Environmental psychologist

Lindsay Joyce McCunn (born May 17, 1981) is a Canadian environmental psychologist and professor of psychology at Vancouver Island University in Nanaimo, British Columbia. She is a Fellow of the Canadian Psychological Association and is known for her work in environmental and architectural psychology, particularly in the areas of sustainability, community planning, and user-centered design. Her research has been cited in interdisciplinary contexts, influencing both academic research and applied practice in planning, architecture, health care, and school administration. She is the co-editor-in-chief of the Journal of Environmental Psychology.

== Education ==
McCunn earned a Bachelor of Arts in psychology from the University of Victoria in 2004, followed by a Master of Science in psychology from the same institution in 2011, and a PhD in psychology in 2016. In 2022, she earned a Master of Science in applied neuroscience from King's College London.

== Academic career ==
From 2015 to 2017, McCunn was an assistant professor of psychology at the University of Washington Tacoma. In 2017, she joined Vancouver Island University, where she is a professor of psychology and director of the Environmental Psychology Research Lab. She also holds an adjunct associate professor appointment in the department of psychology at the University of Victoria.

McCunn teaches courses in research methods, environmental psychology, neuropsychology, the history of psychology, and introductory psychology. She supervises undergraduate and graduate theses, and reviews science proposals for national and international funding agencies, such as the Canadian Space Agency, NASA, and Canada's Social Science and Humanities Research Council.
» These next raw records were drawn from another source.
Lemma deval_dl_congr (t1 t2 : nat -> D) : (forall l, dl (t1 l) = dl (t2 l)) ->
  forall u v, dbar u = dbar v -> dl (deval t1 u) = dl (deval t2 v).
Proof.
move=> t12; elim=> [a|u1 IH1 u2 IH2|u1 IH1 u2 IH2] [b|v1 v2|v1 v2] //= [];
  by [move=> -> | move=> e1 e2; rewrite ?dl_drE; apply: dl_dl_congr; [apply: IH1 | apply: IH2]].
Qed.

Lemma lmul_mulE (F G : lmulop D) u v : F =1 dl u -> G =1 dl v -> lmul_mul F G =1 dl (dl u v).
Proof.
have rep_eq (H : lmulop D) w : H =1 dl w -> dl (lmul_rep H) = dl w.
  by move=> Hw; apply/funext => y; rewrite -lmul_repP.
by move=> /rep_eq Fu /rep_eq Gv y; rewrite /= (dl_dl_congr Fu Gv).
Qed.

Lemma lmul_mulDl a (F G H : lmulop D) :
  lmul_mul (a *: F + G) H = a *: lmul_mul F H + lmul_mul G H.
Proof.
apply: lmulop_ext => y; rewrite lmulop_combE (lmul_mulE (lmul_repD a F G) (lmul_repP H)).
by rewrite !(lmul_mulE (lmul_repP _) (lmul_repP H)) !dlDl.
Qed.

Lemma lmul_mulDr a (F G H : lmulop D) :
  lmul_mul H (a *: F + G) = a *: lmul_mul H F + lmul_mul H G.
Proof.
apply: lmulop_ext => y; rewrite lmulop_combE (lmul_mulE (lmul_repP H) (lmul_repD a F G)).
by rewrite !(lmul_mulE (lmul_repP H) (lmul_repP _)) dlDr dlDl.
Qed.

Lemma lmul_mulC (F G : lmulop D) : lmul_mul F G = lmul_mul G F.
Proof. by apply: lmulop_ext => y; rewrite /= dl_dlC. Qed.

Definition null_mul (p q : lmulop D * D) : lmulop D * D :=
  (lmul_mul p.1 q.1, p.1 q.2 + q.1 p.2).

Lemma null_mulDl a p q r : null_mul (a *: p + q) r = a *: null_mul p r + null_mul q r.
Proof.
congr pair => /=; first exact: lmul_mulDl.
by rewrite lmulop_linear scalerDr [RHS]addrACA; congr (_ + _); apply: lmulop_combE.
Qed.

Lemma null_mulDr a p q r : null_mul r (a *: p + q) = a *: null_mul r p + null_mul r q.
Proof.
congr pair => /=; first exact: lmul_mulDr.
by rewrite lmulop_linear scalerDr [RHS]addrACA; congr (_ + _); apply: lmulop_combE.
Qed.

Definition null_ext : nalg k := NAlg null_mulDl null_mulDr.

Lemma null_ext_comm (p q : null_ext) : nmul p q = nmul q p.
Proof. by rewrite /= /null_mul lmul_mulC addrC. Qed.

Section Evaluation.
Variables (s : nat -> null_ext) (a : nat -> D).
Hypothesis s_a : forall l, (s l).1 =1 dl (a l).

Lemma neval_null_fst i w : (neval s w).1 =1 dl (deval a (psi_mono i w)).
Proof.
elim: w => [l|u IHu v IHv] y; first exact: s_a.
apply: etrans (lmul_mulE IHu IHv y) _.
by rewrite [RHS]/=; case: ifP => _ //=; rewrite dl_drE.
Qed.

Lemma neval_null_snd w : uniq (nleaves w) ->
  (neval s w).2 =
  \sum_(j <- nleaves w) deval (fun l => if l == j then (s l).2 else a l) (psi_mono j w).
Proof.
elim: w => [l _|u IHu v IHv]; first by rewrite /= big_seq1 eqxx.
rewrite /= cat_uniq => /and3P[uu /hasPn vu vv].
set t := fun j l => if l == j then (s l).2 else a l.
have t_off j w : j \notin nleaves w -> deval (t j) (psi_mono j w) = deval a (psi_mono j w).
  move=> jw; apply: eq_in_deval => l; rewrite dleaves_psi /t => lw.
  by case: eqP => // lj; rewrite -lj lw in jw.
rewrite big_cat addrC IHu // IHv // !lmulop_sum; congr (_ + _); apply: eq_big_seq => j j_w.
  have j_v := contraL (vu j) j_w.
  by rewrite j_w /= (neval_null_fst j) dlC (t_off _ _ j_v).
have j_u : j \notin nleaves u by apply: vu.
by rewrite (negbTE j_u) /= (neval_null_fst j) (t_off _ _ j_u).
Qed.

Lemma neval_null_snd_iota w n : perm_eq (nleaves w) (iota 1 n) ->
  (neval s w).2 =
  \sum_(j <- iota 1 n) deval (fun l => if l == j then (s l).2 else a l) (psi_mono j w).
Proof.
by move=> w_perm; rewrite neval_null_snd -?(perm_big _ w_perm) // (perm_uniq w_perm) iota_uniq.
Qed.

End Evaluation.

Lemma null_ext_jordan : is_jordan null_ext.
Proof.
split=> [|s]; first exact: null_ext_comm.
pose a l := lmul_rep (s l).1; have s_a l : (s l).1 =1 dl (a l) by apply: lmul_repP.
have Psi_J0 i : (1 <= i <= 4)%N -> forall t, dpeval t (Psi i (Jpoly k)) = 0 := D_jordan.2.2 i.
apply: injective_projections.
  apply: lmulop_ext => y; have fst_lin : linear (fun p : null_ext => p.1 y) by [].
  rewrite /peval (linear_fglift fst_lin) JpolyE /comp !(neval_null_fst s_a 1).
  have := Psi_J0 1%N isT a; rewrite dpeval_PsiE JpolyE /comp => J1.
  by rewrite -!(bilinDl (@dlDl _ D)) -!(bilinBl (@dlDl _ D)) J1 (bilin0l (@dlDl _ D)).
rewrite /peval (linear_fglift (L := snd)); last exact: linearP.
rewrite JpolyE /comp !(neval_null_snd_iota s_a (n := 4)) //.
rewrite -!(big_split, sumrB) big1_seq // => j /andP[_]; rewrite mem_iota => j_range.
by have := Psi_J0 j j_range (fun l => if l == j then (s l).2 else a l); rewrite dpeval_PsiE JpolyE.
Qed.

Lemma deval_psi_central (t : nat -> D) m : uniq (dleaves m) ->
  deval t (psi_mono (central m) (dbar m)) = deval t m.
Proof.
elim: m => [a|u IHu v IHv|u IHu v IHv] //=; rewrite cat_uniq => /and3P[uu /hasPn vu vv].
  have cu : central v \notin nleaves (dbar u) by rewrite nleaves_dbar; apply/vu/central_dleaves.
  by rewrite (negbTE cu) /= IHv //; congr (_ _); apply: deval_dl_congr; rewrite ?dbar_psi.
rewrite nleaves_dbar central_dleaves /= IHu // -!dlC; congr (_ _).
by apply: deval_dl_congr; rewrite ?dbar_psi.
Qed.

Definition null_ext_subst (s : nat -> D) j : nat -> null_ext :=
  fun l => (lmul_of (s l), if l == j then s l else 0).

Lemma neval_null_ext_subst (s : nat -> D) m : uniq (dleaves m) ->
  (neval (null_ext_subst s (central m)) (dbar m)).2 = deval s m.
Proof.
move=> m_uniq; rewrite (@neval_null_snd _ s) ?nleaves_dbar //.
rewrite (bigD1_seq (central m)) ?central_dleaves //= big1_seq ?addr0 => [|l /andP[l_c l_m]].
  rewrite -[RHS](deval_psi_central s m_uniq); apply: eq_in_deval => l _.
  by case: eqP => [->|]; rewrite /null_ext_subst /= ?eqxx.
apply: (@deval_eq0 _ _ _ l); first by rewrite dleaves_psi nleaves_dbar.
by rewrite eqxx /null_ext_subst /= (negbTE l_c).
Qed.

End NullExtension.

Lemma peval_null_central_part (k : fieldType) (D : dialg k) (D_jordan : is_jordan_dialg D)
    (s : nat -> D) j (f : DiAlg k) :
  dmultilinear f ->
  (peval (null_ext_subst D_jordan s j) (bar (central_part j f))).2 = dpeval s (central_part j f).
Proof.
move=> [S [S_uniq f_S]]; rewrite /peval (linear_fglift (L := snd)); last exact: linearP.
rewrite fglift_relabel /dpeval !fglift_central_part.
rewrite big_seq_cond [RHS]big_seq_cond; apply: eq_bigr => m /andP[m_f /eqP <-] /=.
by rewrite neval_null_ext_subst // (perm_uniq (f_S m m_f)).
Qed.

Lemma central_part_SId (k : fieldType) n (f : DiAlg k) : dmultilin_in n f -> DiSId f ->
  exists2 j, (1 <= j <= n)%N & SId (bar (central_part j f)).
Proof.
move=> f_ml [f_multi [f_special f_not]]; apply: contrapT => no_j.
apply: f_not => D D_jordan s.
have -> : dpeval s f = \sum_(j <- iota 1 n) dpeval s (central_part j f).
  by rewrite -{1}(central_part_sum f_ml) /dpeval raddf_sum.
rewrite big1_seq // => j; rewrite mem_iota add1n ltnS => /andP[_ j_range].
rewrite -(peval_null_central_part D_jordan) //.
suff -> : nvanishes (null_ext D_jordan) (bar (central_part j f)) by [].
apply: contrapT => not_vanish; apply: no_j; exists j => //; split.
  exact: bar_central_part_multilinear.
split; first exact: bar_central_part_special_vanish.
by move=> all_vanish; apply/not_vanish/all_vanish/null_ext_jordan.
Qed.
McCunn often presents research and gives invited addresses at multidisciplinary conferences.

Her published research has focused on the intersection of psychology and sustainability, health care, engineering, facilities management, and urban design in various physical environments including offices, schools, libraries, prisons, and hospitals. Her empirical work involves formal collaboration with school districts, health authorities, municipalities, and architecture firms.
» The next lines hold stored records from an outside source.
Lemma mixed_adjacent_xa_labels used : ~~ used j -> interval_labels used u v wxa = (inr j, inr j).
Proof.
move=> fresh; rewrite /interval_labels del_pred_ins step_label_ins ?(shuffle_uniq Swxa) //.
have Uxa : uniq ((p ++ [:: inr j]) ++ inl m :: q) by rewrite -catA (shuffle_uniq Swxa).
move: (step_label_del Uxa (mark_used used None)); rewrite -!catA /= => ->.
by rewrite ohead_rev_cat //= /mark_used orbF (negbTE fresh).
Qed.

Lemma mixed_adjacent_interval used : (forall k, inr k \notin u -> ~~ used k) ->
  pi3_interval u v (interval_labels used u v).
Proof.
have j_u : inr j \notin u := mixed_after_notin (r := [::]) m Sv.
move=> /(_ j j_u) fresh.
have /= [Cud Cdv Cui Civ] := mixed_after_covers (r := [::]) Su Sv.
have /= [lab_d lab_i] := mixed_after_labels (r := [::]) Su Sv used.
have [Cuxa Cxav] := mixed_adjacent_xa_covers.
set l := del_label used _ (inl m) in lab_d lab_i.
have l_u : l \in u := del_label_ohead_rev_mem used p (inl m) _.
have m_notin : inl m \notin wd by move: U; rewrite uniq_cat_cons => /andP[].
exists wi, wd, wxa; split.
  by move=> E; move: m_notin; rewrite -E mem_cat mem_head orbT.
split; first by case/catsI.
split.
  by move=> E; move: m_notin; rewrite E !mem_cat !inE eqxx !orbT.
split.
  move=> w; split=> [[uw wv] | [->|[->|->]]] //.
  by case: (mixed_after_middle (r := [::]) Su Sv uw wv) => [|| []]; auto.
exists j, l; split.
  by apply: (shuffle_letter_ok Sv (l := inr j)); rewrite mem_cat mem_head orbT.
split; first exact: shuffle_letter_ok Su l_u.
split; first by move=> E; move: j_u; rewrite -E l_u.
by rewrite mixed_adjacent_xa_labels.
Qed.

End MixedAdjacent.

Section MixedBefore.
Variables (p r q : word) (m j : nat).
Local Notation u := (p ++ r ++ inl m :: q).
Local Notation v := (p ++ inr j :: r ++ q).
Local Notation wd := (p ++ r ++ q).
Local Notation wi := (p ++ inr j :: r ++ inl m :: q).
Hypotheses (Su : shuffle M N u) (Sv : shuffle M N v) (rn : r != [::]).

Let V : uniq v := shuffle_uniq Sv.
Let Su' : shuffle M N ((p ++ r) ++ inl m :: q). Proof. by rewrite -catA. Qed.
Let U' : uniq ((p ++ r) ++ inl m :: q) := shuffle_uniq Su'.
McCunn is the Principal of McCunn & Associates Consulting—a firm dedicated to applying research-based environmental psychological practices to real-world challenges in planning, sustainability, healthcare, and urban design.

== Publications ==
McCunn has published over fifty peer-reviewed articles, technical reports, book chapters and reviews, encyclopedia entries, and other contributions in the media. In 2025, her edited book “Becoming an Environmental Psychologist: Autobiographical Career Paths Toward Applied Social Science” was published by Anthem/First Hill Books. A full list of publications can be found on her website.
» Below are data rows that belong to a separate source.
(* Let $J_1,J_2$ be Möbius involutions of $\overline{\mathbb{C}}$ and $q_1,q_2$ polynomials of degree $d+1$. If the correspondences $J_1\circ\mathrm{Cov}_0^{q_1}$ and $J_2\circ\mathrm{Cov}_0^{q_2}$ are conformally conjugate, then $J_1$ and $J_2$ are conformally conjugate, and $q_1$ and $q_2$ are conformal covering equivalent.
   Context: Correspondences are subsets of $\overline{\mathbb{C}}\times\overline{\mathbb{C}}$; composition $G\circ F=\{(z,w):\exists v,(z,v)\in F,(v,w)\in G\}$; a map is identified with its graph. Conformal conjugacy of correspondences $F_1,F_2$: $F_2=\phi\circ F_1\circ\phi^{-1}$ for a Möbius map $\phi$. Deleted covering correspondence of a rational $q$: $\mathrm{Cov}_0^q=\{(z,w):(q(z)-q(w))/(z-w)=0\}$ (i.e. $\{q(z)=q(w)\}$ with one copy of the diagonal removed). Rational maps $q_1,q_2$ are conformal covering equivalent if there are Möbius maps $\phi,\psi$ with $q_2=\psi\circ q_1\circ\phi$. *)

From HB Require Import structures.
From mathcomp Require Import all_boot all_order all_algebra.
From mathcomp Require Import complex.
From mathcomp Require Import reals.
Set Implicit Arguments. Unset Strict Implicit. Unset Printing Implicit Defensive.
Import Order.TTheory GRing.Theory Num.Theory.
Local Open Scope ring_scope.

Section Sphere.
Variable R : realType.
Definition C := R[i].

(* The Riemann sphere: Some z = finite point z, None = infinity. *)
Definition sphere := option C.

Definition corr := sphere -> sphere -> Prop.

Definition corr_comp (G F : corr) : corr :=
  fun z w => exists v, F z v /\ G v w.

Definition graph (f : sphere -> sphere) : corr := fun z w => f z = w.

Definition corr_eq (F G : corr) : Prop := forall z w, F z w <-> G z w.

Record mobius := Mobius {
  mob_a : C; mob_b : C; mob_c : C; mob_d : C;
  mob_det : mob_a * mob_d - mob_b * mob_c != 0 }.

Definition mob_app (m : mobius) (z : sphere) : sphere :=
  let: Mobius a b c d _ := m in
  match z with
  | None => if c == 0 then None else Some (a / c)
  | Some x => if c * x + d == 0 then None else Some ((a * x + b) / (c * x + d))
  end.

Definition graph_inv (phi : mobius) : corr := fun z w => mob_app phi w = z.

Definition mob_conj_corr (phi : mobius) (F : corr) : corr :=
  corr_comp (graph (mob_app phi)) (corr_comp F (graph_inv phi)).

Definition conformally_conjugate (F1 F2 : corr) : Prop :=
  exists phi : mobius, corr_eq F2 (mob_conj_corr phi F1).

Definition mob_involution (J : mobius) : Prop :=
  (forall z, mob_app J (mob_app J z) = z) /\ ~ (forall z, mob_app J z = z).

Definition poly_sphere (q : {poly C}) (z : sphere) : sphere :=
  match z with None => None | Some x => Some q.[x] end.

(* Deleted covering correspondence: zero set in the sphere x sphere of the
   divided difference (q z - q w)/(z - w); on the diagonal this quotient is
   q'(z); at infinity the only point of the (closed) zero set is (oo,oo),
   present exactly when deg q >= 2. *)
Definition Cov0 (q : {poly C}) : corr := fun z w =>
  match z, w with
  | Some x, Some y => (x != y /\ q.[x] = q.[y]) \/ (x = y /\ (q^`()).[x] = 0)
  | None, None => (2 < size q)%N
  | _, _ => False
  end.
== Professional Service ==
After serving as an associate editor of the Journal of Environmental Psychology from 2019 to 2021, McCunn was appointed co-editor-in-chief of the journal in 2021. She is also on the editorial board for the journal Environmental Psychology Research. From 2019 to 2023, she was an associate editor for the journal Cities & Health—during that time, she co-guest edited two special issues for the journal. She is a past chair of the Environmental Psychology Section of the Canadian Psychological Association (CPA), and of the Environmental Design Research Association. While Chair of the environmental psychology section of the CPA, she led the preparation of a position paper titled “Addressing Climate Change in Canada: The Importance of Psychological Science” that won the CPA's John C. Service award in 2020. The position paper was the source of her guest editorship of the CPA's public-facing magazine Psynopsis for a special issue titled “Psychology and Climate Change” in 2021.
McCunn serves on the Canadian National Panel for the International Union of Psychological Science (IUPsyS), and is one of two Canadian delegates to its General Assembly. She is also a member of the IUPsyS working group on crisis response.